### [ACTIVITY]
Among the entries below, find all lines that include "erewrite" and copy them.

### [TASK INPUTS]
◇ ◇ ◇

Ltac bitwise_check x k :=
  unfold L0, L1, L2, L3, dec0, dec1, dec2, dec3, dec4, enc0, enc1, enc2, enc3,
    off_b5, off_b4, off_b3;
  repeat rewrite ?Nat.lxor_spec, ?testbit_seg, ?testbit_mod_pow2;
  split_tests; cbn [andb xorb negb]; rewrite ?Nat.sub_0_r, ?Nat.add_0_r; same_bit_index;
  try (rewrite (testbit_above x k) by lia); xor_cancel.

Lemma dec0_correct : dec0 L0 L1 L2 L3 x3 = x0.
Proof.
  apply Nat.bits_inj; intro q.
  destruct (Nat.lt_ge_cases q lf); [|destruct (Nat.lt_ge_cases q (lf + ld));
    [|destruct (Nat.lt_ge_cases q (lf + ld + lu))]].
  all: bitwise_check x0 k0.
Qed.

Lemma dec1_correct : dec1 L0 L1 L2 L3 x0 x2 = x1.
Proof.
  apply Nat.bits_inj; intro q.
  destruct (Nat.lt_ge_cases q lf); [|destruct (Nat.lt_ge_cases q n);
    [|destruct (Nat.lt_ge_cases q (2 * n - lf));
    [|destruct (Nat.lt_ge_cases q (2 * n - lf + ld));
    [|destruct (Nat.lt_ge_cases q (2 * n - lf + ld + (n - ld - lu)));
    [|destruct (Nat.lt_ge_cases q (2 * n - lf + ld + (n - ld - lu) + (n - ld - le)))]]]]].
  all: bitwise_check x1 k1.
Qed.

Lemma dec2_correct : dec2 L0 L1 x0 x1 = x2.
Proof.
  apply Nat.bits_inj; intro q.
  destruct (Nat.lt_ge_cases q lf); [|destruct (Nat.lt_ge_cases q n);
    [|destruct (Nat.lt_ge_cases q (2 * n - lf))]].
  all: bitwise_check x2 k2.
Qed.

Lemma dec3_correct : dec3 L1 L3 x1 x2 = x3.
Proof.
  apply Nat.bits_inj; intro q.
  destruct (Nat.lt_ge_cases q lf); [|destruct (Nat.lt_ge_cases q (lf + ld))].
  all: bitwise_check x3 k3.
Qed.

Lemma dec4_correct : dec4 L3 = x4.
Proof.
  apply Nat.bits_inj; intro q.
  destruct (Nat.lt_ge_cases q le).
  all: bitwise_check x4 le.
Qed.

Lemma scheme_decodes_ok : decodes_ok 5 scheme_encoders scheme_decoders [x0; x1; x2; x3; x4] = true.
Proof.
  unfold decodes_ok. cbn [seq forallb nth map scheme_encoders scheme_decoders].
  fold L0 L1 L2 L3.
  now rewrite dec0_correct, dec1_correct, dec2_correct, dec3_correct, dec4_correct, !Nat.eqb_refl.
Qed.
End LinearCode.

Open Scope R_scope.

Lemma scheme_valid n lf ld lu le Rt :
  valid_code ex_S ex_A ex_C n Rt (scheme_encoders n lf ld lu le) (scheme_decoders n lf ld lu le).
Proof.
  split; [reflexivity|]. split; [reflexivity|]. split.
  - intros k Hk. cbn in Hk. split.
    + intros m m' Hm.
      do 4 (destruct k as [|k]; [cbn; repeat rewrite Hm by (cbn; lia); reflexivity|]). lia.
    + intros m _. change (nfloor (INR n * nth k ex_C 0)) with (nbits n (nth k ex_C 0)).
      do 4 (destruct k as [|k];
        [cbn [nth ex_C scheme_encoders]; rewrite nbits_1; unfold enc0, enc1, enc2, enc3;
         apply Nat.mod_upper_bound, Nat.pow_nonzero; lia|]).
      lia.
  - intros j Hj L m m' Hm. cbn in Hj.
    do 5 (destruct j as [|j]; [cbn; repeat rewrite Hm by (cbn; lia); reflexivity|]). lia.
Qed.

Lemma scheme_error_prob_0 n Rt lf ld lu :
  let k j := nbits n (Rt j) in
  (lf <= n)%nat -> (ld + lu <= n)%nat -> (ld + k 4 <= n)%nat ->
  (k 0 <= lf + ld + lu)%nat -> (k 1 + lf + ld + lu + k 4 <= 4 * n)%nat ->
  (k 2 + lf <= 2 * n)%nat -> (k 3 <= lf + ld)%nat ->
  error_prob 5 n Rt (scheme_encoders n lf ld lu (k 4%nat))
    (scheme_decoders n lf ld lu (k 4%nat)) = 0.
Proof.
  intros k H1 H2 H3 H4 H5 H6 H7. unfold error_prob. cbv zeta.
  erewrite filter_ext_in, filter_false; [apply Rmult_0_l|].
  intros m Hm. apply In_msg_tuples in Hm as [Hlen Hlt].
  destruct m as [|x0 [|x1 [|x2 [|x3 [|x4 [|]]]]]]; try discriminate.
  pose proof (Hlt 0%nat ltac:(lia)). pose proof (Hlt 1%nat ltac:(lia)).
  pose proof (Hlt 2%nat ltac:(lia)). pose proof (Hlt 3%nat ltac:(lia)).
  pose proof (Hlt 4%nat ltac:(lia)). cbn [nth] in *.
  now erewrite scheme_decodes_ok
    with (k0 := k 0%nat) (k1 := k 1%nat) (k2 := k 2%nat) (k3 := k 3%nat).
Qed.

Open Scope R_scope.

Lemma nbits_eventually_le (x y1 y2 y3 : R) :
  0 <= x -> 0 <= y1 -> 0 <= y2 -> 0 <= y3 -> x = 0 \/ x < y1 + y2 + y3 ->
  exists N, forall n, (n >= N)%nat -> (nbits n x <= nbits n y1 + nbits n y2 + nbits n y3)%nat.
Proof.
  intros Hx H1 H2 H3 [->|Hlt].
  - exists 0%nat. intros n _. rewrite nbits_0. lia.
  - destruct (INR_archimed (y1 + y2 + y3 - x) 3) as [N HN]; [lra|].
    exists N. intros n Hn. apply le_INR in Hn.
    destruct (nbits_spec n x Hx) as [Hx' _].
    destruct (nbits_spec n y1 H1) as [_ Hy1], (nbits_spec n y2 H2) as [_ Hy2],
      (nbits_spec n y3 H3) as [_ Hy3].
    apply Nat.lt_le_incl, INR_lt. rewrite !plus_INR. nra.
Qed.

Lemma scheme_achievable (Rt : nat -> R) (f d u : R) :
  (forall j, (j < 5)%nat -> 0 <= Rt j) -> 0 <= f <= 1 -> 0 <= d -> 0 <= u ->
  d + u <= 1 -> d + Rt 4%nat <= 1 -> Rt 1%nat + Rt 4%nat + f + d + u <= 4 ->
  Rt 2%nat + f <= 2 ->
  Rt 0%nat = 0 \/ Rt 0%nat < f + d + u -> Rt 3%nat = 0 \/ Rt 3%nat < f + d ->
  achievable ex_S ex_A ex_C Rt.
Proof.
  intros Hnn Hf Hd Hu Hdu Hd4 H14 H2 H0 H3.
  split; [exact Hnn|].
  exists (fun n => scheme_encoders n (nbits n f) (nbits n d) (nbits n u) (nbits n (Rt 4%nat))),
    (fun n => scheme_decoders n (nbits n f) (nbits n d) (nbits n u) (nbits n (Rt 4%nat))).
  split; [intros n; apply scheme_valid|].
  destruct (nbits_eventually_le (Rt 0%nat) f d u (Hnn 0%nat ltac:(lia)) ltac:(lra) ltac:(lra)
    ltac:(lra) H0) as [N0 HN0].
  destruct (nbits_eventually_le (Rt 3%nat) f d 0 (Hnn 3%nat ltac:(lia)) ltac:(lra) ltac:(lra)
    ltac:(lra) ltac:(rewrite Rplus_0_r; exact H3)) as [N3 HN3].
  intros eps Heps. exists (Nat.max N0 N3). intros n Hn.
  specialize (HN0 n ltac:(lia)). specialize (HN3 n ltac:(lia)). rewrite nbits_0 in HN3.
  pose proof (pos_INR n).
  destruct (nbits_spec n f ltac:(lra)) as [Bf _], (nbits_spec n d Hd) as [Bd _],
    (nbits_spec n u Hu) as [Bu _].
  destruct (nbits_spec n _ (Hnn 1%nat ltac:(lia))) as [B1 _],
    (nbits_spec n _ (Hnn 2%nat ltac:(lia))) as [B2 _],
    (nbits_spec n _ (Hnn 4%nat ltac:(lia))) as [B4 _].
  unfold R_dist. rewrite scheme_error_prob_0, Rminus_0_r, Rabs_R0; try lia; [exact Heps|..];
    apply INR_le; rewrite ?plus_INR, ?mult_INR; cbn [INR]; nra.
Qed.

Lemma ex_inner_bound (Rt : nat -> R) (eps : R) :
  0 < eps ->
  0 <= Rt 0%nat -> 0 <= Rt 1%nat -> 0 <= Rt 2%nat -> 0 <= Rt 3%nat -> 0 <= Rt 4%nat ->
  Rt 0%nat <= 2 -> Rt 2%nat <= 2 -> Rt 4%nat <= 1 ->
  Rt 0%nat + Rt 2%nat <= 3 -> Rt 3%nat + Rt 4%nat <= 2 ->
  Rt 0%nat + Rt 1%nat + Rt 4%nat <= 4 -> Rt 1%nat + Rt 3%nat + Rt 4%nat <= 4 ->
  Rt 2%nat + Rt 3%nat + Rt 4%nat <= 3 ->
  exists Rt', achievable ex_S ex_A ex_C Rt' /\
    forall j, (j < length ex_A)%nat -> Rabs (Rt j - Rt' j) < eps.
Proof.
  intros Heps h0 h1 h2 h3 h4 c1 c2 c3 c4 c5 c6 c7 c8.
  set (f := Rmax 0 (Rmax (Rt 0%nat - 1) (Rt 3%nat + Rt 4%nat - 1))).
  assert (Hf : 0 <= f <= 1 /\ Rt 0%nat - 1 <= f /\ Rt 3%nat + Rt 4%nat - 1 <= f /\
               Rt 2%nat + f <= 2 /\ Rt 1%nat + Rt 4%nat + f <= 4)
    by (unfold f, Rmax; repeat destruct Rle_dec; lra).
  clearbody f.
  set (d := Rmax 0 (Rt 3%nat - f)).
  assert (Hd : 0 <= d /\ Rt 3%nat <= f + d /\ d + Rt 4%nat <= 1 /\
               Rt 1%nat + Rt 4%nat + f + d <= 4)
    by (unfold d, Rmax; destruct Rle_dec; lra).
  clearbody d.
  set (u := Rmax 0 (Rt 0%nat - f - d)).
  assert (Hu : 0 <= u /\ Rt 0%nat <= f + d + u /\ d + u <= 1 /\
               Rt 1%nat + Rt 4%nat + f + d + u <= 4)
    by (unfold u, Rmax; destruct Rle_dec; lra).
  clearbody u.
  exists (fun j => Rmax 0 (Rt j - eps / 2)). split.
  - apply (scheme_achievable _ f d u); try (intros; apply Rmax_l);
      unfold Rmax; repeat destruct Rle_dec; lra.
  - intros j Hj. cbn in Hj. assert (0 <= Rt j) by (do 5 (destruct j as [|j]; [assumption|]); lia).
    unfold Rmax. destruct Rle_dec; apply Rabs_def1; lra.
Qed.

Theorem mainTheorem6 (Rt : nat -> R) :
  in_capacity_region ex_S ex_A ex_C Rt <->
  (0 <= Rt 0%nat /\ 0 <= Rt 1%nat /\ 0 <= Rt 2%nat /\ 0 <= Rt 3%nat /\ 0 <= Rt 4%nat /\
   Rt 0%nat <= 2 /\ Rt 2%nat <= 2 /\ Rt 4%nat <= 1 /\
   Rt 0%nat + Rt 2%nat <= 3 /\ Rt 3%nat + Rt 4%nat <= 2 /\
   Rt 0%nat + Rt 1%nat + Rt 4%nat <= 4 /\
   Rt 1%nat + Rt 3%nat + Rt 4%nat <= 4 /\
   Rt 2%nat + Rt 3%nat + Rt 4%nat <= 3).
Proof.
  split.
  - intros HC.
    assert (Hnn : forall j, (j < 5)%nat -> 0 <= Rt j)
      by (intros j Hj; now apply (capacity_region_nonneg ex_S ex_A ex_C)).
    destruct (ex_outer_bound Rt HC) as (b1 & b2 & b3 & b4 & b5 & b6 & b7 & b8).
    repeat split; solve [apply Hnn; lia | assumption].
  - intros (h0 & h1 & h2 & h3 & h4 & c1 & c2 & c3 & c4 & c5 & c6 & c7 & c8) eps Heps.
    now apply ex_inner_bound.
Qed.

◇ ◇ ◇

### [SOLVED EXERCISE]
  erewrite filter_ext_in, filter_false; [apply Rmult_0_l|].
  now erewrite scheme_decodes_ok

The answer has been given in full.